Sunday, January 29, 2012

A Poem by Saigyo

My dilemma:
That deep realization will
never come to
My mind, the truth of which
My Mind realizes all to well

Sort of comforting to relate to the insecurities of someone who wrote in the 12th century.

Now if I could just kick this damn injury everything would be cool.


Monday, January 9, 2012

Phosphor album review



This was one of two titles I procured taking advantage of Potlatch records sale on its entire catalogue this past summer. Phosphor is: Burkhard Beins, percussion; Alessandro Bosetti, soprano saxophone; Axel Dörner, trumpet and electronics; Robin Hayward, tuba; Annette Krebs, electro-acoustic guitar; Andrea Neumann, inside piano and mixing desk; Michael Renkel, acoustic guitar and Inaz Shick, electronics. I knew that this ensemble was at the genesis of the movement of what has variously been called “reductionism” “lower-case.” That knowledge in no way prepared me for this album. The music contains none of the extreme sparsity or stretches of silence I had imagined. Their improvisation is actually quite busy, and shifts texture frequently. The names that have been applied to this style are most accurate in describing the nature and quality of sounds used more so than the overall structure of the improvisation. The performers all use deliberately limited means of sound production, including a preponderance of non-pitched sounds. These often make the instruments difficult to differentiate from one another, especially the breath tones that are prominently used by Dörner, and Bosetti. Similarly, Andrea Neumann uses her “inside piano” which is a custom-built piano soundboard, without the casing or keyboard of the instrument, to produce sounds difficult to identify as a piano, or even as recognizable extended piano techniques. It seems as if no individual idea presented in the improvisations develops or really changes much of its own accord. Each gesture simply enters the musical space for awhile, remains largely static and eventually disappears. All of the performers have a remarkable and admirable ability to sustain a sound or texture with no overtly expressive qualities, and almost no variation. The result is a foreign landscape of sound that alternately accumulates and subsides, constantly changing without ever latching onto a “direction” or predictable outcome. This music sounds fresh, and contemporary, it suggests that there are still further challenges in improvised music to be tackled.

Sunday, January 8, 2012

Milton Babbitt: Composition for Guitar (1984)

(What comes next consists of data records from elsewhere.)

(* Let $X$ be a normed space and $Y$ a Banach space, and let $l\in\{-1,1\}$. Let $f:X\to Y$ be an odd mapping satisfying $\|D_f(x,y)\|\le\phi(x,y)$ for all $x,y\in X$, where $\phi:X\times X\to[0,\infty)$ is a function such that $$\sum_{i=1}^{\infty}2^{il}\phi\left(\frac{x}{2^{il}},\frac{x}{2^{il}}\right)<\infty\quad\text{and}\quad\sum_{i=1}^{\infty}8^{il}\phi\left(\frac{x}{2^{il}},\frac{x}{2^{il}}\right)<\infty$$ for all $x\in X$, and $\lim_{n\to\infty}2^{ln}\phi\left(\frac{x}{2^{ln}},\frac{y}{2^{ln}}\right)=0$ and $\lim_{n\to\infty}8^{ln}\phi\left(\frac{x}{2^{ln}},\frac{y}{2^{ln}}\right)=0$ for all $x,y\in X$. Then there exist a unique additive function $A:X\to Y$ and a unique cubic function $C:X\to Y$ such that $$\|f(x)-A(x)-C(x)\|\le\frac{1}{12}\sum_{i=\frac{|l-1|}{2}}^{\infty}\left(2^{il}+8^{il}\right)\phi\left(\frac{x}{2^{l(i+l)}},\frac{x}{2^{l(i+l)}}\right)$$ for all $x\in X$ (the summation starts at $i=0$ if $l=1$ and at $i=1$ if $l=-1$).
   Context: For a mapping $f:X\to Y$ define $$D_f(x,y)=3f(x+3y)-f(3x+y)-12[f(x+y)+f(x-y)]+16[f(x)+f(y)]-12f(2y)+4f(2x)$$ for $x,y\in X$. A function $g:X\to Y$ is additive if $g(x+y)=g(x)+g(y)$ for all $x,y\in X$, and cubic if $g(x+2y)-3g(x+y)+3g(x)-g(x-y)=6g(y)$ for all $x,y\in X$. *)

From HB Require Import structures.
From mathcomp Require Import all_boot all_order all_algebra.
From mathcomp Require Import all_classical all_reals all_analysis.
Set Implicit Arguments. Unset Strict Implicit. Unset Printing Implicit Defensive.
Import Order.TTheory GRing.Theory Num.Theory.
Import numFieldNormedType.Exports.
Local Open Scope ring_scope.

Section Defs.
Variables (R : realType) (X : normedModType R) (Y : normedModType R).

Definition Dfun (f : X -> Y) (x y : X) : Y :=
  (3 : R) *: f (x + (3 : R) *: y) - f ((3 : R) *: x + y)
  - (12 : R) *: (f (x + y) + f (x - y)) + (16 : R) *: (f x + f y)
  - (12 : R) *: f ((2 : R) *: y) + (4 : R) *: f ((2 : R) *: x).

Definition additive_fun (g : X -> Y) : Prop :=
  forall x y, g (x + y) = g x + g y.

Definition cubic_fun (g : X -> Y) : Prop :=
  forall x y, g (x + (2 : R) *: y) - (3 : R) *: g (x + y) + (3 : R) *: g x - g (x - y)
              = (6 : R) *: g y.

Definition odd_fun (g : X -> Y) : Prop := forall x, g (- x) = - g x.

End Defs.

(* For odd f, D_f(x,x) = 2 (g(2x) - 2 g(x)) = 2 (h(2x) - 8 h(x)) with
   g := f(2.) - 8 f and h := f(2.) - 2 f, so g is approximately 2-homogeneous and
   h approximately 8-homogeneous.  Hyers' direct method, i.e. the limits of
   c^n G(x / t^n) with t = 2^l and c = t or t^3, turns them into odd solutions
   A0, C0 of D = 0 satisfying A0(2x) = 2 A0(x) and C0(2x) = 8 C0(x).  An odd
   solution F of D = 0 with F(2x) = k F(x) satisfies
   F(x+2y) - 3F(x+y) + 3F(x) - F(x-y) = (k-2) F(y), which is the cubic equation
   for k = 8 and forces additivity for k = 2.  As h - g = 6 f, the functions
   A := -A0/6 and C := C0/6 approximate f.  For uniqueness, an additive A' and a
   cubic C' obeying the same bound are fixed points of the same rescalings, and
   the rescaled error vanishes because it is dominated by tails of the bounding
   series. *)

From HB Require Import structures.
From mathcomp Require Import all_boot all_order all_algebra.
From mathcomp Require Import all_classical all_reals all_analysis.
From mathcomp Require Import ring lra.

Set Implicit Arguments.
Unset Strict Implicit.
Unset Printing Implicit Defensive.
Import Order.TTheory GRing.Theory Num.Theory.
Import numFieldNormedType.Exports.
Local Open Scope classical_set_scope.
Local Open Scope ring_scope.

Section LinearExpressions.
Variables (R : realType) (V : lmodType R).

Inductive lexpr :=
  | LAtom of nat | LAdd of lexpr & lexpr | LOpp of lexpr | LScale of R & lexpr | LZero.

Fixpoint leval (env : nat -> V) (e : lexpr) : V :=
  match e with
  | LAtom n => env n
  | LAdd a b => leval env a + leval env b
  | LOpp a => - leval env a
  | LScale r a => r *: leval env a
  | LZero => 0
  end.

Fixpoint lcoef (e : lexpr) (j : nat) : R :=
  match e with
  | LAtom n => (n == j)%:R
  | LAdd a b => lcoef a j + lcoef b j
  | LOpp a => - lcoef a j
  | LScale r a => r * lcoef a j
  | LZero => 0
  end.

Fixpoint latoms (e : lexpr) : nat :=
  match e with
  | LAtom n => n.+1
  | LAdd a b => maxn (latoms a) (latoms b)
  | LOpp a | LScale _ a => latoms a
  | LZero => 0
  end.

Lemma leval_coef env e N : (latoms e <= N)%N ->
  leval env e = \sum_(j < N) lcoef e j *: env j.
Proof.
elim: e => [n|a iha b ihb|a iha|r a iha|] /=.
- move=> nN; rewrite (bigD1 (Ordinal nN)) //= eqxx scale1r big1 ?addr0 // => j.
  by rewrite -val_eqE eq_sym => /negbTE /= ->; rewrite scale0r.
- rewrite geq_max => /andP[/iha-> /ihb->]; rewrite -big_split.
  by apply: eq_bigr => j _; rewrite scalerDl.
- by move=> /iha->; rewrite -sumrN; apply: eq_bigr => j _; rewrite scaleNr.
- by move=> /iha->; rewrite scaler_sumr; apply: eq_bigr => j _; rewrite scalerA.
- by move=> _; rewrite big1 // => j _; rewrite scale0r.
Qed.

Lemma leval_eq env e1 e2 N : (latoms e1 <= N)%N -> (latoms e2 <= N)%N ->
  (forall j, (j < N)%N -> lcoef e1 j = lcoef e2 j) -> leval env e1 = leval env e2.
Proof.
move=> h1 h2 hc; rewrite (leval_coef env h1) (leval_coef env h2).
by apply: eq_bigr => j _; rewrite hc.
Qed.

End LinearExpressions.

Ltac lexpr_index t l :=
  match l with
  | cons ?u ?l' =>
    match tt with
    | _ => let _ := constr:(@erefl _ t : t = u) in constr:(0%N)
    | _ => let n := lexpr_index t l' in constr:(S n)
    end
  end.

Ltac lexpr_add_atom t l :=
  match tt with
  | _ => let _ := lexpr_index t l in l
  | _ => constr:(cons t l)
  end.

Ltac lexpr_atoms t l :=
  lazymatch t with
  | (?a + ?b)%R => let l1 := lexpr_atoms a l in lexpr_atoms b l1
  | (- ?a)%R => lexpr_atoms a l
  | (_ *: ?a)%R => lexpr_atoms a l
  | 0%R => l
  | _ => lexpr_add_atom t l
  end.

Ltac lexpr_reify R t l :=
  lazymatch t with
  | (?a + ?b)%R =>
    let ea := lexpr_reify R a l in let eb := lexpr_reify R b l in constr:(@LAdd R ea eb)
  | (- ?a)%R => let ea := lexpr_reify R a l in constr:(@LOpp R ea)
  | (?r *: ?a)%R => let ea := lexpr_reify R a l in constr:(@LScale R r ea)
  | 0%R => constr:(@LZero R)
  | _ => let n := lexpr_index t l in constr:(@LAtom R n)
  end.

(* Proves an equation between R-linear combinations of atoms in an lmodType
   by comparing the scalar coefficients of each atom. *)
Ltac lincomb R :=
  cbv beta;
  lazymatch goal with
  | |- @eq ?T ?A ?B =>
    let l := lexpr_atoms B ltac:(lexpr_atoms A (@nil T)) in
    let eA := lexpr_reify R A l in
    let eB := lexpr_reify R B l in
    change (leval (fun j => nth 0%R l j) eA = leval (fun j => nth 0%R l j) eB);
    apply: (@leval_eq R _ _ eA eB (size l)) => //;
    let j := fresh "j" in let hj := fresh "hj" in
    move=> j hj;
    repeat (first [ by rewrite !ltnS ltn0 in hj
                  | case: j hj => [_|j hj];
                      [by rewrite /=; first [ring | lra | nra | field] |] ])
  end.

Section FunctionalEquation.
Variables (R : realType) (X Y : normedModType R).
Implicit Types (F : X -> Y) (x y : X).

Lemma odd_fun0 F : odd_fun F -> F 0 = 0.
Proof.
move=> hodd; have h : F 0 = - F 0 by rewrite -{1}oppr0 hodd.
have : (2 : R) *: F 0 = 0 by rewrite scaler_nat mulr2n {2}h subrr.
by move/eqP; rewrite scaler_eq0 pnatr_eq0 => /eqP.
Qed.

Lemma Dfun_hom F (k : R) : (forall z, F (2 *: z) = k *: F z) -> forall x y,
  Dfun F x y = 3 *: F (x + 3 *: y) - F (3 *: x + y) - 12 *: (F (x + y) + F (x - y))
               + (16 + 4 * k) *: F x + (16 - 12 * k) *: F y.
Proof. by move=> hk x y; rewrite /Dfun !hk; lincomb R. Qed.

Section Solutions.
Variables (F : X -> Y) (k : R).
Hypotheses (hodd : odd_fun F) (hhom : forall z, F (2 *: z) = k *: F z)
  (hD0 : forall x y, Dfun F x y = 0).

Lemma Dfun0_mul3_add x y :
  F (3 *: x + y) = 6 *: F (x + y) - 3 *: F (x - y) + (4 * k - 8) *: F x - 8 *: F y.
Proof.
apply: (@scalerI _ _ 8); first by rewrite pnatr_eq0.
apply/eqP; rewrite -subr_eq0; apply/eqP.
transitivity (Dfun F x y + 3 *: Dfun F y x); last by rewrite !hD0 scaler0 addr0.
rewrite !(Dfun_hom hhom) (addrC y (3 *: x)) (addrC (3 *: y) x) (addrC y x) -(opprB x y) hodd.
lincomb R.
Qed.

Lemma Dfun0_third_diff x y :
  F (x + 2 *: y) - 3 *: F (x + y) + 3 *: F x - F (x - y) = (k - 2) *: F y.
Proof.
pose T x y := F (x + 2 *: y) - 3 *: F (x + y) + 3 *: F x - F (x - y) - (k - 2) *: F y.
have T_flip x' y' : T x' y' = 3 *: T x' (- y').
  have := Dfun0_mul3_add y' (x' - y').
  have -> : 3 *: y' + (x' - y') = x' + 2 *: y' by lincomb R.
  have -> : y' + (x' - y') = x' by lincomb R.
  have -> : y' - (x' - y') = - (x' - 2 *: y') by lincomb R.
  by rewrite hodd /T (scalerN 2 y') opprK hodd => ->; lincomb R.
have T9 : T x y = (3 * 3) *: T x y by rewrite {1}T_flip T_flip opprK scalerA.
apply: subr0_eq; apply/eqP.
have : (3 * 3 - 1) *: T x y = 0 by rewrite scalerBl -T9 scale1r subrr.
rewrite (_ : 3 * 3 - 1 = 8); last lra.
by move/eqP; rewrite scaler_eq0 pnatr_eq0.
Qed.

End Solutions.

Lemma cubic_of_Dfun0 F : odd_fun F -> (forall z, F (2 *: z) = 8 *: F z) ->
  (forall x y, Dfun F x y = 0) -> cubic_fun F.
Proof.
move=> hodd h8 hD0 x y; rewrite (Dfun0_third_diff hodd h8 hD0).
by congr (_ *: _); lra.
Qed.

Lemma additive_of_Dfun0 F : odd_fun F -> (forall z, F (2 *: z) = 2 *: F z) ->
  (forall x y, Dfun F x y = 0) -> additive_fun F.
Proof.
move=> hodd h2 hD0.
have T0 x y : F (x + 2 *: y) = 3 *: F (x + y) - 3 *: F x + F (x - y).
  have := Dfun0_third_diff hodd h2 hD0 x y; rewrite subrr scale0r.
  by move=> /subr0_eq <-; lincomb R.
have T0N x y : F (x - 2 *: y) = 3 *: F (x - y) - 3 *: F x + F (x + y).
  by rewrite -scalerN T0 opprK.
pose J a b := F (a + b) + F (a - b) - 2 *: F a.
have J_mul2r a b : J a (2 *: b) = 4 *: J a b by rewrite /J T0 T0N; lincomb R.
have J_mul2l a b : J (2 *: a) b = 2 *: J a b.
  rewrite /J (addrC (2 *: a) b) -(opprB b (2 *: a)) hodd T0 T0N h2.
  rewrite -(opprB b a) hodd (addrC a b).
  lincomb R.
have J_mul2 a b : J (2 *: a) (2 *: b) = 2 *: J a b.
  by rewrite /J -scalerDr -scalerBr !h2; lincomb R.
have J0 a b : J a b = 0.
  have : (8 - 2) *: J a b = 0 by rewrite scalerBl -J_mul2 J_mul2l J_mul2r; lincomb R.
  rewrite (_ : 8 - 2 = 6); last lra.
  by move/eqP; rewrite scaler_eq0 pnatr_eq0 => /eqP.
move=> u v; have := J0 (u + v) (u - v); rewrite /J.
have -> : u + v + (u - v) = 2 *: u by lincomb R.
have -> : u + v - (u - v) = 2 *: v by lincomb R.
have two0 : (2 : R) != 0 by rewrite pnatr_eq0.
by rewrite !h2 -scalerDr => /subr0_eq /(scalerI two0) ->.
Qed.

Lemma Dfun_diag F (a b : R) : odd_fun F -> a + b = 10 -> a * b = 16 -> forall w,
  Dfun F w w = 2 *: ((F (2 *: (2 *: w)) - a *: F (2 *: w)) - b *: (F (2 *: w) - a *: F w)).
Proof.
move=> hodd hab hab' w; rewrite /Dfun subrr (odd_fun0 hodd).
have -> : w + 3 *: w = 2 *: (2 *: w) by lincomb R.
have -> : 3 *: w + w = 2 *: (2 *: w) by lincomb R.
have -> : w + w = 2 *: w by lincomb R.
lincomb R.
Qed.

A piece I have been enjoying very much regularly. I think this flies in the face of a lot of the pre-conceptions people have about Babbitt and his music.

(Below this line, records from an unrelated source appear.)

(* Every fractal matrix (with parameters $q\ge2$, $m\ge1$) is non-expandable: no bang of it has more columns than it has.
   Context: A subcube of ${\bf Z}_q^n$ is obtained by fixing some coordinates and letting the others run through ${\bf Z}_q$; its star pattern is the vector over ${\bf Z}_q\cup\{*\}$ with fixed values in fixed coordinates and $*$ in free ones. The star matrix of a partition of ${\bf Z}_q^n$ into subcubes is the matrix whose rows are the star patterns of the subcubes; it is A-primitive if no column consists only of $*$. Fractal matrices: $M_{q,0}$ has one row and zero columns; for $m\ge1$, $M_{q,m}$ consists of $q$ horizontal blocks indexed by $a=0,\dots,q-1$, each with $q^{m-1}$ rows; its first column has entry $a$ in every row of block $a$; its remaining columns are divided into $q$ vertical stripes of width equal to the number of columns of $M_{q,m-1}$, and in block $a$ the $a$-th stripe is a copy of $M_{q,m-1}$ while other stripes of block $a$ are all $*$. A fractal matrix is any matrix obtained from some $M_{q,m}$ by permuting rows and columns; it is an A-primitive star matrix of a partition into $q^m$ subcubes of equal dimension. Bang: given an A-primitive star matrix $M$ of a partition into subcubes of equal dimension, a column $i$ and $a\in{\bf Z}_q$, the bang of $M$ at $(i,a)$ is obtained by: (1) deleting column $i$; (2) deleting all rows having in column $i$ a value of ${\bf Z}_q$ different from $a$; (3) replacing each row having $a$ in column $i$ by $q$ identical copies; (4) for each such group of $q$ copies, adjoining a new column having the values $0,1,\dots,q-1$ (each once) in the rows of that group and $*$ in all other rows; (5) deleting all columns consisting only of $*$. $M$ is non-expandable if no bang of $M$ has more columns than $M$. *)

(* Star matrices are represented concretely as lists of rows;
   an entry is [Some v] (a fixed value v, meant to lie in {0,..,q-1} = Z_q)
   or [None] (the star symbol).  A matrix is carried together with its number of
   columns [c] (needed e.g. for M_{q,0}, which has one row and zero columns). *)
From mathcomp Require Import all_boot.
Set Implicit Arguments. Unset Strict Implicit. Unset Printing Implicit Defensive.

Definition entry := option nat.
Definition smatrix := seq (seq entry).

Fixpoint fractal (q m : nat) : nat * smatrix :=
  match m with
  | 0 => (0, [:: [::]])
  | m'.+1 =>
    let c := (fractal q m').1 in
    let M := (fractal q m').2 in
    (1 + q * c,
     flatten [seq [seq Some a :: flatten [seq (if b == a then r else nseq c None)
                                         | b <- iota 0 q]
                  | r <- M]
             | a <- iota 0 q])
  end.

Definition permcols (p : seq nat) (M : smatrix) : smatrix :=
  [seq [seq nth None r j | j <- p] | r <- M].

Definition is_fractal_from (q m c : nat) (M : smatrix) : Prop :=
  (fractal q m).1 = c /\
  exists p : seq nat, perm_eq p (iota 0 c) /\
                      perm_eq M (permcols p (fractal q m).2).

Definition is_fractal (q c : nat) (M : smatrix) : Prop :=
  exists m, is_fractal_from q m c M.

Definition delcol (i : nat) (r : seq entry) : seq entry :=
  take i r ++ drop i.+1 r.

Definition is_a_row (i a : nat) (r : seq entry) : bool := nth None r i == Some a.

Definition bang (q c : nat) (M : smatrix) (i a : nat) : nat * smatrix :=
  let M1 := [seq r <- M | (nth None r i == None) || (nth None r i == Some a)] in
  (* k = number of rows having a in column i = number of new columns *)
  let k := count (is_a_row i a) M1 in
  (* (1),(3),(4): delete column i, replace each a-row (the t-th one) by q
     copies, the v-th copy getting value v in new column t, star elsewhere *)
  let M2 := flatten
    [seq (let r := nth [::] M1 p in
          if is_a_row i a r then
            let t := count (is_a_row i a) (take p M1) in
            [seq delcol i r ++ [seq (if j == t then Some v else None) | j <- iota 0 k]
            | v <- iota 0 q]
          else [:: delcol i r ++ nseq k None])
    | p <- iota 0 (size M1)] in
  let keep := [seq j <- iota 0 (c.-1 + k) | has (fun r => nth None r j != None) M2] in
  (size keep, [seq [seq nth None r j | j <- keep] | r <- M2]).

Definition non_expandable (q c : nat) (M : smatrix) : Prop :=
  forall i a, i < c -> a < q -> (bang q c M i a).1 <= c.

From mathcomp Require Import all_boot zify.
Set Implicit Arguments. Unset Strict Implicit. Unset Printing Implicit Defensive.

(* A bang at (i, a) adds one column per row carrying a in column i, and the
   old columns it keeps are among the columns j <> i that carry a value in
   some row compatible with (i, a) (a star or a in column i).  The sum of
   these two numbers, [bang_estimate], does not change under permutations of
   rows and columns, and for M_{q,m} it is at most its number c_m of columns,
   by induction on m, where c_{m+1} = 1 + q c_m.  At the first column of
   M_{q,m+1} only block a survives, with q^m rows and values only in stripe a,
   and q^m + c_m = 1 + q c_m.  At a column of stripe b, the blocks other than b
   contribute at most 1 + (q-1) c_m columns and no a-row, while block b
   contributes the estimate of M_{q,m} at the corresponding column. *)

Lemma sub_in_count (T : eqType) (a1 a2 : pred T) (s : seq T) :
  {in s, subpred a1 a2} -> count a1 s <= count a2 s.
Proof.
move=> sub12; rewrite (@eq_in_count _ a1 (predI a1 (mem s))) => [|x xs]; last first.
  by rewrite /= xs andbT.
by apply: sub_count => x /andP[a1x xs]; apply: sub12.
Qed.

Lemma count_pred0_in (T : eqType) (P : pred T) (s : seq T) :
  {in s, forall x, ~~ P x} -> count P s = 0.
Proof. by move=> notP; apply/eqP; rewrite eqn0Ngt -has_count; apply/hasPn. Qed.

Lemma nth_flatten_uniform (T : Type) (x0 : T) (ss : seq (seq T)) n b j :
  all (fun s => size s == n) ss -> b < size ss -> j < n ->
  nth x0 (flatten ss) (b * n + j) = nth x0 (nth [::] ss b) j.
Proof.
elim: ss b => [|s ss IH] [|b] //= /andP[/eqP size_s size_ss] lt_b lt_j.
  by rewrite nth_cat size_s lt_j.
by rewrite nth_cat size_s mulSn -addnA ltnNge leq_addr addKn IH.
Qed.

Lemma iota_mul q c : iota 0 (q * c) = flatten [seq iota (b * c) c | b <- iota 0 q].
Proof.
elim: q => [|q IH] //.
by rewrite mulSnr iotaD -addn1 iotaD map_cat flatten_cat -IH /= cats0.
Qed.

Lemma count_iota_blocks (P : pred nat) q c :
  count P (iota 0 (1 + q * c)) =
  P 0 + sumn [seq count (fun j => P (1 + (b * c + j))) (iota 0 c) | b <- iota 0 q].
Proof.
rewrite iotaD count_cat /= addn0 add0n -[iota 1 _]/(iota (1 + 0) _) iotaDl count_map iota_mul.
rewrite count_flatten -map_comp; congr (_ + sumn _); apply: eq_map => b /=.
by rewrite -{1}[b * c]addn0 iotaDl count_map.
Qed.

Tom Rainey Trio at Cornelia St. Cafe, Dec. 30th




Tom Rainey performed a set of engaging improvised music with Ingrid Laubrock on Tenor and Soprano Saxophones and Mary Halvorson on Guitar. I was unfamiliar with Rainey as drummer and came away from the concert very impressed. He plays very few things that drummers play, focusing on a timbral approach reminiscent of Tony Oxley, or Paul Lytton, but unlike those drummers, his playing is always rhythmically propulsive and time-oriented. Laubrock and Halvorson both played with conviction and nuance in a set that often dipped into extreme, noise oriented blowing but also contained a great degree of subtlety and musical surprise. Rainey also made a touching tribute to the lately departed masters Paul Motian and Sam Rivers.